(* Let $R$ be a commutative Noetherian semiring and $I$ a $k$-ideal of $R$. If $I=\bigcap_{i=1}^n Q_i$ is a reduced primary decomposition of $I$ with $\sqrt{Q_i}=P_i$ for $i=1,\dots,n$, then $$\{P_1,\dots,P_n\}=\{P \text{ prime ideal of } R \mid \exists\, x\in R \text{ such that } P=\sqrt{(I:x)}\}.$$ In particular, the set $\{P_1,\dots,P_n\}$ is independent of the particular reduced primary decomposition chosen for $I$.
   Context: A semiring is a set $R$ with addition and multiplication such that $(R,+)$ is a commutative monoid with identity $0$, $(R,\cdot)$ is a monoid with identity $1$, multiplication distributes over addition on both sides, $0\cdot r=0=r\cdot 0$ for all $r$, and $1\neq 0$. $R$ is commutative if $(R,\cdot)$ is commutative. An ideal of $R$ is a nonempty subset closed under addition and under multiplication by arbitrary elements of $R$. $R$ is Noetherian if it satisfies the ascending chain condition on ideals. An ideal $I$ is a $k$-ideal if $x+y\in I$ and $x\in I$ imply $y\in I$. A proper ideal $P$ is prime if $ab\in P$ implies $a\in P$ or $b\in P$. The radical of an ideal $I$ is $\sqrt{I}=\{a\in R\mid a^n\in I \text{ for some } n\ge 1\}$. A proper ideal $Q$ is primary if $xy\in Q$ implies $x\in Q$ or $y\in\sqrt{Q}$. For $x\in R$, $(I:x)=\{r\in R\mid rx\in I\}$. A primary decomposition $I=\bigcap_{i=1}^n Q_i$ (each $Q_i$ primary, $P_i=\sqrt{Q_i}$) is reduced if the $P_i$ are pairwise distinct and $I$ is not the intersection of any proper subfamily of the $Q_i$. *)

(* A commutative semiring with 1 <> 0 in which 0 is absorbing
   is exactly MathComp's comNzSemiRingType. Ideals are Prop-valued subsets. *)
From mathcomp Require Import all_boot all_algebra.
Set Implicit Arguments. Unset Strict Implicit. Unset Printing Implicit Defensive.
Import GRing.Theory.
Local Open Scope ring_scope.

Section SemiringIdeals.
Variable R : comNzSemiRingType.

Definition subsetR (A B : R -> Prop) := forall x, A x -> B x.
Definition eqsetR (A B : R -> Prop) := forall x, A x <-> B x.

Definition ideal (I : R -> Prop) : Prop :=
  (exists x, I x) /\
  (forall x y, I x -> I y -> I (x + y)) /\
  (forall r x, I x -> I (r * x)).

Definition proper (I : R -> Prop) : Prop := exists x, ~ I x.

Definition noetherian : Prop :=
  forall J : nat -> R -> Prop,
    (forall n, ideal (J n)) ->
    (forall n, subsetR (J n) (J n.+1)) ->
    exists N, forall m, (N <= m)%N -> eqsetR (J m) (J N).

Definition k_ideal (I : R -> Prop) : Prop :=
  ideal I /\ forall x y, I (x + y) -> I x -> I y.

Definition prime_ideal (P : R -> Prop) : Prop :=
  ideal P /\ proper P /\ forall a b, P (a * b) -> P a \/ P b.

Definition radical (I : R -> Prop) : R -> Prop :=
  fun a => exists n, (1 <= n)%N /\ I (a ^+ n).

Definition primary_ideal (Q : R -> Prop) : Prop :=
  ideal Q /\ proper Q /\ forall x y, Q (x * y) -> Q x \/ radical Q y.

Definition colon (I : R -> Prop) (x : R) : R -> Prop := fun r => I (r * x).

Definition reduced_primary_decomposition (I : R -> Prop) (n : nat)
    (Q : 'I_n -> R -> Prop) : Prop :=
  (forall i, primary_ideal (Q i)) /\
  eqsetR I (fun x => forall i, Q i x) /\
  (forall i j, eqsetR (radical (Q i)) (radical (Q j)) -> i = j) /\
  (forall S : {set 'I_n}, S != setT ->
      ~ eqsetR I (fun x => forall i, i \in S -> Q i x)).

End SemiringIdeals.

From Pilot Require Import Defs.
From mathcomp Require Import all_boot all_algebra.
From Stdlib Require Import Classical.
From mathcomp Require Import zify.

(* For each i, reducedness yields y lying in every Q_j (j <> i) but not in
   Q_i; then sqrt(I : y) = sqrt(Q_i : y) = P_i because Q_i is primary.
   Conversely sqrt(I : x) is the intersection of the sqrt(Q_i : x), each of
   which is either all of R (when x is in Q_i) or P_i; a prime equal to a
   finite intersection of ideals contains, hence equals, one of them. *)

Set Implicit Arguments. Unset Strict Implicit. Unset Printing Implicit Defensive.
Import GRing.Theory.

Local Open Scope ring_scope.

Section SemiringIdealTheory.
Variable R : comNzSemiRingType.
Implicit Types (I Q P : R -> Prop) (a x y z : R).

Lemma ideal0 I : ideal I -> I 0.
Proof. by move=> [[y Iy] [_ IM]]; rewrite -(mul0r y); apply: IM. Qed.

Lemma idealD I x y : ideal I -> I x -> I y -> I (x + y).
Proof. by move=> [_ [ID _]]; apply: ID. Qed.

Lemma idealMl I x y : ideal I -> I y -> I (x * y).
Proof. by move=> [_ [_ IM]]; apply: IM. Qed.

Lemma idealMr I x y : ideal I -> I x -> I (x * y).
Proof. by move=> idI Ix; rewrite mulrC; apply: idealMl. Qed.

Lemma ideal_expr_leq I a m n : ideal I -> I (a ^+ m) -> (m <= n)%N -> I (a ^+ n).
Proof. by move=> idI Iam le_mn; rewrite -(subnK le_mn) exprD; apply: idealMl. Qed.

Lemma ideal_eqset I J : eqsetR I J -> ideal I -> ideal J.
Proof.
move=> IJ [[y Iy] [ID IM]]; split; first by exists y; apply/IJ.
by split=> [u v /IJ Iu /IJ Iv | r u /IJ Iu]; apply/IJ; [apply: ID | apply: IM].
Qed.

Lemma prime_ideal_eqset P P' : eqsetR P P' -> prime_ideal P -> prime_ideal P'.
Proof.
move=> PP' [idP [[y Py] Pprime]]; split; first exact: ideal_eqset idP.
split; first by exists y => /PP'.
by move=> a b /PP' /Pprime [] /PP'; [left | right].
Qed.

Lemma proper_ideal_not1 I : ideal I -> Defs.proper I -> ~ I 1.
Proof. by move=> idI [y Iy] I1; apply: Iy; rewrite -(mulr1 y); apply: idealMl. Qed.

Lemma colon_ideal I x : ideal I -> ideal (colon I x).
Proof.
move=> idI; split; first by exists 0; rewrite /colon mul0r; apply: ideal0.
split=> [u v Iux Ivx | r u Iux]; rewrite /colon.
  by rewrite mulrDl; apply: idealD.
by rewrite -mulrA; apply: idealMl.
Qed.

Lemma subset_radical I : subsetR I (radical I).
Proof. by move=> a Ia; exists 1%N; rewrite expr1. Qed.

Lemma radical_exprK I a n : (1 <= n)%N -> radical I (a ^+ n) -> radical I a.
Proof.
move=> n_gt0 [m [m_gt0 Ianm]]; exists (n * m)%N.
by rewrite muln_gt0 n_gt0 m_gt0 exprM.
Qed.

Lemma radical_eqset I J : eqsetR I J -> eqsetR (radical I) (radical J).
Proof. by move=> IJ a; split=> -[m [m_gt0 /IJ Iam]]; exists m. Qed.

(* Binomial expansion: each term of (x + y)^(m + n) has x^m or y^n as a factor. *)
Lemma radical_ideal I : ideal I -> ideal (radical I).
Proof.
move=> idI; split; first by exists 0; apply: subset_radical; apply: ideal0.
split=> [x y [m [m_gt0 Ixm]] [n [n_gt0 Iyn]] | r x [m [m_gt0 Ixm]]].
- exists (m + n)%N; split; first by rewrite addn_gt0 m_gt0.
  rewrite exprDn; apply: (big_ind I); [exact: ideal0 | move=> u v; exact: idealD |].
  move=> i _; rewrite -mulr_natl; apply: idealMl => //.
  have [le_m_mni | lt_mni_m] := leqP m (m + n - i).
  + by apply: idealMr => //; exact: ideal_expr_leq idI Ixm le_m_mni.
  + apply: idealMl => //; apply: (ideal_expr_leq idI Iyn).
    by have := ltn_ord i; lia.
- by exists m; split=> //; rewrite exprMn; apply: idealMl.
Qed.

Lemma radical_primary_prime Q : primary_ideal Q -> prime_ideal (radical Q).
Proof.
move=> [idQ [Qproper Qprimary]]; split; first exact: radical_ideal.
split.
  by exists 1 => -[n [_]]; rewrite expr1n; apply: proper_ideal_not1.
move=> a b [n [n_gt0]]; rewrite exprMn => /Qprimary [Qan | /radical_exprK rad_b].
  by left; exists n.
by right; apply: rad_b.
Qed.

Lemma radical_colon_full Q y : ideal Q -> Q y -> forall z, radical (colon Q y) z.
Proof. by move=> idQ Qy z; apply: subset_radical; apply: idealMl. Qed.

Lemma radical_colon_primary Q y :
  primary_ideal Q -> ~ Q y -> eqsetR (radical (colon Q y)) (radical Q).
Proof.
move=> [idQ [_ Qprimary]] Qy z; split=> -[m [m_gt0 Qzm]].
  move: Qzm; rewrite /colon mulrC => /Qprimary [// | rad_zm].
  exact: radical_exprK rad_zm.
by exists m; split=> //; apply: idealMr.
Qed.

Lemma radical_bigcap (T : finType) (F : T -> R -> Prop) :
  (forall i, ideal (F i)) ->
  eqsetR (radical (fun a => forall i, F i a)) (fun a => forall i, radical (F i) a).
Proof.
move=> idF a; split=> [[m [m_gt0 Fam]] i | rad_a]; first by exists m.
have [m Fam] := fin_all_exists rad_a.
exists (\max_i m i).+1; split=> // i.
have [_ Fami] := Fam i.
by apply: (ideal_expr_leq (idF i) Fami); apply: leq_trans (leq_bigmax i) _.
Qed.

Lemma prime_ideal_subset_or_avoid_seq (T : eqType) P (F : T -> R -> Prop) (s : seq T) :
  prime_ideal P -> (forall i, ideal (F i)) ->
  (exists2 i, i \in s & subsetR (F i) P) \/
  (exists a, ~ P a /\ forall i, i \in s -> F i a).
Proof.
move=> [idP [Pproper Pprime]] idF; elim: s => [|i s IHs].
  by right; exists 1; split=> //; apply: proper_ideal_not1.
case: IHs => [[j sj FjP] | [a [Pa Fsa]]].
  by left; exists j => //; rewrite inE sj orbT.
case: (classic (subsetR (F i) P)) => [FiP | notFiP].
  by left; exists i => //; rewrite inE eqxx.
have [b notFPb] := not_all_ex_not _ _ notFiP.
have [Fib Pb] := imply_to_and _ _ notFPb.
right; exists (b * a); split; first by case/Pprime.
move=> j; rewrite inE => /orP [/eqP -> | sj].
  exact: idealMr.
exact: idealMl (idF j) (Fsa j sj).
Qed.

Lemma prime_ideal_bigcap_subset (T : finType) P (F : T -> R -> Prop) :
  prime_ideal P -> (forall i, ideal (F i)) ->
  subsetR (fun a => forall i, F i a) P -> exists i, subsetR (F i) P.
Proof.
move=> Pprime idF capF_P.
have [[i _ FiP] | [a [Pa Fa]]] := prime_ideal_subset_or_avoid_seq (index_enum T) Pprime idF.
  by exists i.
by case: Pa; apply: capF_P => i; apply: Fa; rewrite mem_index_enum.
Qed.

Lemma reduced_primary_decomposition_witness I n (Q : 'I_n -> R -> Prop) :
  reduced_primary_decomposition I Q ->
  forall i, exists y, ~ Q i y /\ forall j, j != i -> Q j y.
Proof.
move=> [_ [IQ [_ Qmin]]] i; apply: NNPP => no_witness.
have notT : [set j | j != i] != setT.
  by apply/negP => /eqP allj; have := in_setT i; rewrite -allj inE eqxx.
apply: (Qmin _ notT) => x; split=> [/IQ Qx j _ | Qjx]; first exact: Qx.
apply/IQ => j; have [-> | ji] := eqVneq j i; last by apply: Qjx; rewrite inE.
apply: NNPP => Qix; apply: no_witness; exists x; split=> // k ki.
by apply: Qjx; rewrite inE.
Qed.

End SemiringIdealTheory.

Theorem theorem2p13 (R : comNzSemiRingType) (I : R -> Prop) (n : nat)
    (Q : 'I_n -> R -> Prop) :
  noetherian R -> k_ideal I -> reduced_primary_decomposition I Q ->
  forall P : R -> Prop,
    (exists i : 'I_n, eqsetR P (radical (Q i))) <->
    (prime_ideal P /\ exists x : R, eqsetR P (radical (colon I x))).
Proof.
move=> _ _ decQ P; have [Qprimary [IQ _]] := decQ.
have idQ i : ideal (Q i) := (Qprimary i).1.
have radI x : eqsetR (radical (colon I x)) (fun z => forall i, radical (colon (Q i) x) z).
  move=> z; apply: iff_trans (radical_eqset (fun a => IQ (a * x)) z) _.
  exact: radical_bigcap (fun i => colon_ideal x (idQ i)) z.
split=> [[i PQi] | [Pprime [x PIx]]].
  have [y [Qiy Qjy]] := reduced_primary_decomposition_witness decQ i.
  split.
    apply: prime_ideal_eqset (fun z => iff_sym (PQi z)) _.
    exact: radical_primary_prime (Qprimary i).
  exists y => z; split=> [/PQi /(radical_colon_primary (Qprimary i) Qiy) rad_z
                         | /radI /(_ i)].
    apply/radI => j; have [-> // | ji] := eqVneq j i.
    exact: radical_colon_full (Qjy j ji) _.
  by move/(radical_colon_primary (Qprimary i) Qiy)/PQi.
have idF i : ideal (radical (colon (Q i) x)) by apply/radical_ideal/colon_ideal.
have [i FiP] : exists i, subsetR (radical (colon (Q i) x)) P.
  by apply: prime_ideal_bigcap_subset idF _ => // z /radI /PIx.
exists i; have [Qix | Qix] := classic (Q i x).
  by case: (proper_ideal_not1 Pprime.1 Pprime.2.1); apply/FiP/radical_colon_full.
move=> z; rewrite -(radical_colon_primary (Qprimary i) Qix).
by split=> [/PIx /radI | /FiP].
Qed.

__________________________________________________

Reply with one number, the count of lines in the records that include the word "decQ".

■ Written reply: 2